App herunterladen
3.08% I'M A CANNIBAL / Chapter 8: I am a Killer 4

Kapitel 8: I am a Killer 4

[ KISAH INI TERDAPAT UNSUR KEKERASAN DAN PEMBUNUHAN. DILARANG KERAS UNTUK DITIRU ]

BUG!

What? Ada apa dengan anak ini? Kenapa tiba-tiba dia menonjok wajahku? Aku pun memasang wajah kesalku. "Kalian ini kenapa sih? Gua kan gak ngelakuin apa-apa sama kalian," tanyaku. Mereka semua tersenyum sinis.

"Lu gak usah pura-pura bego, Rio. Kita tahu apa yang lu lakuin sama Alvin," kata Nathan. Aku melebarkan mataku. Mereka tahu? Mbbbfftt! Tahu apa mereka tentang apa yang ku lakukan kepada boss mereka itu? Ckckck.
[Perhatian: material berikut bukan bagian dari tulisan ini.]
(* Let $\mathbb K\in\{\mathbb R,\mathbb C\}$ and fix a family of Taylor sheaves. Let $M_1,M_2,B\in\widehat{\mathcal V}$ be prevarieties and let $\varphi_1:M_1\to B$, $\varphi_2:M_2\to B$ be smooth maps. Then: (i) the diagonal $\Delta_B=\{(p,p)\mid p\in B\}$ is locally closed in $B\times B$ (with its $\widehat{\mathcal V}$-product structure); (ii) if $B$ is a locally closed subset of a finite-dimensional $\mathbb K$-linear space $V$ endowed with the structure induced from $(V,\mathcal F^V)$, then $\Delta_B$ is closed in $B\times B$; (iii) there exists a fibre product $\widehat{\mathcal V}$-structure on $M_1\times_B M_2$.
   Context: A space with a sheaf of $\mathbb K$-valued functions is a topological space $M$ together with, for each open $U\subset M$, a $\mathbb K$-algebra $\mathcal F(U)$ of functions $U\to\mathbb K$ (containing constants), closed under restriction to smaller open sets and such that a function that is locally in $\mathcal F$ is in $\mathcal F$. Germs, stalks $\mathcal F_p$ and the ideal $\mathfrak m_p$ of germs vanishing at $p$ are as usual; the sheaf is local if every germ not in $\mathfrak m_p$ is invertible in $\mathcal F_p$. A continuous map $\psi$ between such spaces is smooth if composing with $\psi$ sends local functions of the target sheaf to functions of the source sheaf. The induced structure on a subset $S\subset M$ is the subspace topology with the sheaf of functions locally equal to restrictions of functions in $\mathcal F$. Taylor sheaves: every finite-dimensional $\mathbb K$-linear space $V$ carries a topology and a local sheaf $\mathcal F^V$ such that (1) the topology is the weakest making all of $\mathcal F^V(V)$ continuous; (2) $V^*\subset\mathcal F^V(V)$; (3) for open $U\subset V$, a map $\psi:U\to W$ into a finite-dimensional space $W$ is smooth iff $\varphi\circ\psi\in\mathcal F^V(U)$ for all $\varphi\in W^*$; (4) for $p\in V$ the map $V^*\to\mathfrak m_p/\mathfrak m_p^2$, $\varphi\mapsto(\varphi-\varphi(p))_p$, is an isomorphism (giving for $f\in\mathcal F^V(U)$ a unique $df_p\in V^*$ with $f_p-f(p)-(df_p-df_p(p))_p\in\mathfrak m_p^2$); (5) for $f\in\mathcal F^V(U)$, $(p,v)\mapsto df_p(v)$ lies in $\mathcal F^{V\oplus V}(U\times V)$. A prevariety is a space with a sheaf that has a countable or finite open cover by pieces each isomorphic to a locally closed subset of a finite-dimensional $\mathbb K$-linear space $V$ with the structure induced from $\mathcal F^V$; $\widehat{\mathcal V}$ is the class of prevarieties. A $\widehat{\mathcal V}$-product structure on $M_1\times M_2$ (for $M_1,M_2\in\widehat{\mathcal V}$) is a prevariety structure with smooth projections such that for every $M\in\widehat{\mathcal V}$ and smooth $\psi_i:M\to M_i$ the map $(\psi_1,\psi_2):M\to M_1\times M_2$ is smooth (such a structure exists and is unique). Given smooth $\varphi_i:M_i\to B$ ($i=1,2$), set $M_1\times_BM_2=\{(p_1,p_2)\in M_1\times M_2\mid \varphi_1(p_1)=\varphi_2(p_2)\}$ with projections $\pi_i$. A fibre product $\widehat{\mathcal V}$-structure on $M_1\times_BM_2$ is a prevariety structure such that $\pi_1,\pi_2$ are smooth and, for every $M\in\widehat{\mathcal V}$ and smooth maps $\psi_i:M\to M_i$ with $\varphi_1\circ\psi_1=\varphi_2\circ\psi_2$, the map $(\psi_1,\psi_2):M\to M_1\times_BM_2$ is smooth. *)

From mathcomp Require Import all_boot all_algebra.
From mathcomp Require Import all_classical all_reals all_analysis.
From mathcomp Require Import complex.
Import GRing.Theory Num.Theory.
Import numFieldNormedType.Exports.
"Maksud kalian?" tanyaku pura-pura tidak mengerti.

BUG!

"JANGAN PURA-PURA, RIO! GUA TAHU LU NGEBUNUH ALVIN. IYA KAN?" teriak Lee begitu keras setelah menonjok wajahku. Aku menutup mataku karena saking kerasnya ia berteriak. Mungkin teriakan itu hampir memecahkan gendang telingaku.

"Maksud kalian apa? Gu–"

BUG! BUG! BUG!

"Uhuk … uhuk … uhuk .…" Aku terbatuk-batuk sambil menunduk saat darah merah kental keluar dari mulutku. Lee menendang perutku beberapa kali hingga aku muntah darah seperti ini. Sial! Tendangan dia sangat menyakitkan.

"Kalau lu gak jujur, jangan harap lu bakalan lihat dunia lagi, Rio!" ancam Nathan. Aku terkekeh.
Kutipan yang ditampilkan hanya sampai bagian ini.